𝗟𝗼𝗼𝗸𝗶𝗻𝗴 𝗔𝗵𝗲𝗮𝗱 (𝗘𝗮𝘀𝗶𝗻𝗴 𝗼𝗳 𝗹𝗶𝗾𝘂𝗶𝗱𝗶𝘁𝘆 𝗽𝗿𝗲𝘀𝘀𝘂𝗿𝗲𝘀)
• Medium term (2026): The Gas-to-Energy project will cut the fuel import bill by roughly one-third, saving around US$300 million annually and immediately easing forex pressures.

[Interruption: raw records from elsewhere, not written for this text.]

Lemma symmetric_orthogonal_fixed_contract (S : 'M[R]_n) (s : seq R)
    (q w : 'rV[R]_n) :
  S^T = S -> sorted_eigenvalues S s -> {in s, forall x, `|x| <= 1} ->
  q *m S = q -> q != 0 -> (w *m q^T) 0 0 = 0 ->
  \sum_i (w *m S) 0 i ^+ 2 <=
    Num.max `|s`_1| `|s`_(n.-1)| ^+ 2 * \sum_i w 0 i ^+ 2.
Proof.
move=> Ssym [s_sorted Schar] s_le1 qS q0 wq.
have size_s : size s = n.
  have := congr1 (fun p : {poly R} => size p) Schar.
  by rewrite size_char_poly size_prod_XsubC => -[].
have := sorted_ge_count_large_le1 s_sorted; rewrite size_s.
set rho := Num.max _ _ => large_le1.
have rho_ge0 : 0 <= rho by rewrite le_max normr_ge0.
pose SC := map_mx toC S.
have SC_herm : SC \is hermsymmx by apply: map_real_complex_hermitian.
have [U [d [Uu SE SCchar]]] := hermitian_unitary_diagonalization SC_herm.
have d_perm : perm_eq [seq d 0 k | k <- enum 'I_n] (map toC s).
  apply: prod_XsubC_eq; rewrite big_map big_enum /= -SCchar.
  by rewrite -map_char_poly Schar map_prod_XsubC big_map.
have d_real k : exists2 t, t \in s & d 0 k = t%:C.
  have : d 0 k \in map toC s by rewrite -(perm_mem d_perm) map_f ?mem_enum.
  by case/mapP => t; exists t.
suff : dotmx (map_mx toC w *m SC) (map_mx toC w *m SC)
         <= rho%:C ^+ 2 * dotmx (map_mx toC w) (map_mx toC w).
  by rewrite -map_mxM !dotmx_real_complex -rmorphXn -rmorphM lecR.
apply: (unitary_diag_orthogonal_fixed_contract (d := d) (y := map_mx toC q)
          _ _ _ Uu SE).
- by rewrite ler0c.
- move=> k; have [t ts ->] := d_real k.
  by rewrite norm_real_complex -(rmorph1 toC) lecR s_le1.
- move=> k j dk dj.
  apply: (@count_le1_enum_eq _ (fun k => rho%:C < `|d 0 k|)) dk dj.
  rewrite (eq_count (a2 := preim (d 0) (fun t => rho%:C < `|t|))) //.
  rewrite -count_map (permP d_perm) count_map.
  rewrite (eq_count (a2 := fun t => rho < `|t|)) // => t /=.
  by rewrite norm_real_complex ltcR.
- by rewrite /SC -map_mxM qS.
- by rewrite map_mx_eq0.
- rewrite dotmxE (_ : (map_mx toC q)^t* = map_mx toC q^T).
    by rewrite -map_mxM mxE wq rmorph0.
  by apply/matrixP => i j; rewrite !mxE conjC_real_complex.
Qed.
End RealSymmetric.

Lemma sqr_sum_weighted_le (R : realFieldType) (T : finType) (w a : T -> R) :
  (forall i, 0 <= w i) -> \sum_i w i = 1 ->
  (\sum_i w i * a i) ^+ 2 <= \sum_i w i * a i ^+ 2.
Proof.
move=> w_ge0 w_sum1.
have var_ge0 m : 0 <= \sum_i w i * (a i - m) ^+ 2.
  by apply: sumr_ge0 => i _; rewrite mulr_ge0 ?sqr_ge0.
have var_expand m : \sum_i w i * (a i - m) ^+ 2 =
    \sum_i w i * a i ^+ 2 - 2 * m * \sum_i w i * a i + m ^+ 2 * \sum_i w i.
  rewrite !mulr_sumr -sumrB -big_split /=; apply: eq_bigr => i _; ring.
have := var_ge0 (\sum_i w i * a i); rewrite var_expand w_sum1; lra.
Qed.

Section WeightedNorm.
Variables (R : rcfType) (n : nat) (pi : 'I_n -> R).
Hypothesis pi_gt0 : forall x, 0 < pi x.
Hypothesis pi_sum1 : \sum_x pi x = 1.
Implicit Types (f g u v : 'cV[R]_n) (B K M : 'M[R]_n).

Definition pnorm2 f := \sum_x pi x * f x 0 ^+ 2.
Definition pdot f g := \sum_x pi x * (f x 0 * g x 0).
Definition pmean f := \sum_x pi x * f x 0.
Definition stationary K := forall y, \sum_x pi x * K x y = pi y.

Lemma pnorm2_ge0 f : 0 <= pnorm2 f.
Proof. by apply: sumr_ge0 => x _; rewrite mulr_ge0 ?sqr_ge0 ?ltW. Qed.

Lemma pnorm2_le0 f : pnorm2 f <= 0 -> f = 0.
Proof.
move=> f_le0; have /eqP : pnorm2 f = 0.
  by apply/eqP; rewrite eq_le f_le0 pnorm2_ge0.
rewrite psumr_eq0 => [/allP f0|x _]; last by rewrite mulr_ge0 ?sqr_ge0 ?ltW.
apply/matrixP => x j; rewrite ord1 mxE.
by have /f0 := mem_index_enum x; rewrite mulf_eq0 sqrf_eq0 gt_eqF //= => /eqP.
Qed.

Lemma pnorm2_add_scale u v a b :
  pnorm2 (a *: u + b *: v) =
    a ^+ 2 * pnorm2 u + 2 * a * b * pdot u v + b ^+ 2 * pnorm2 v.
Proof.
rewrite /pnorm2 /pdot !mulr_sumr -!big_split /=; apply: eq_bigr => x _.
by rewrite !mxE; ring.
Qed.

• Long term: Continued economic diversification will strengthen the non-oil trade balance. Over time, this will reduce the deficit or even shift to a surplus, further bolstering forex liquidity and macroeconomic stability.
𝗞𝗲𝘆 𝘁𝗮𝗸𝗲𝗮𝘄𝗮𝘆: Guyana’s challenge is not a shortage of foreign exchange but the management of liquidity pressures in a rapidly expanding economy. With strengthened enforcement, policy coordination, and strategic diversification, Guyana is well positioned to maintain stability and sustain inclusive growth.
𝗞𝘂𝗱𝗼𝘀 𝘁𝗼 𝘁𝗵𝗲 𝗣𝗿𝗲𝘀𝗶𝗱𝗲𝗻𝘁 𝗳𝗼𝗿 𝗰𝗼𝗻𝗳𝗿𝗼𝗻𝘁𝗶𝗻𝗴 𝘁𝗵𝗲𝘀𝗲 𝗶𝘀𝘀𝘂𝗲𝘀 𝗵𝗲𝗮𝗱-𝗼𝗻 𝘁𝗼 𝗺𝗶𝘁𝗶𝗴𝗮𝘁𝗲 𝘁𝗵𝗲 𝗿𝗶𝘀𝗸𝘀. 𝗧𝗵𝗲 𝗻𝗲𝘄 𝗺𝗲𝗮𝘀𝘂𝗿𝗲𝘀 𝗮𝗿𝗲 𝘄𝗲𝗹𝗰𝗼𝗺𝗲𝗱.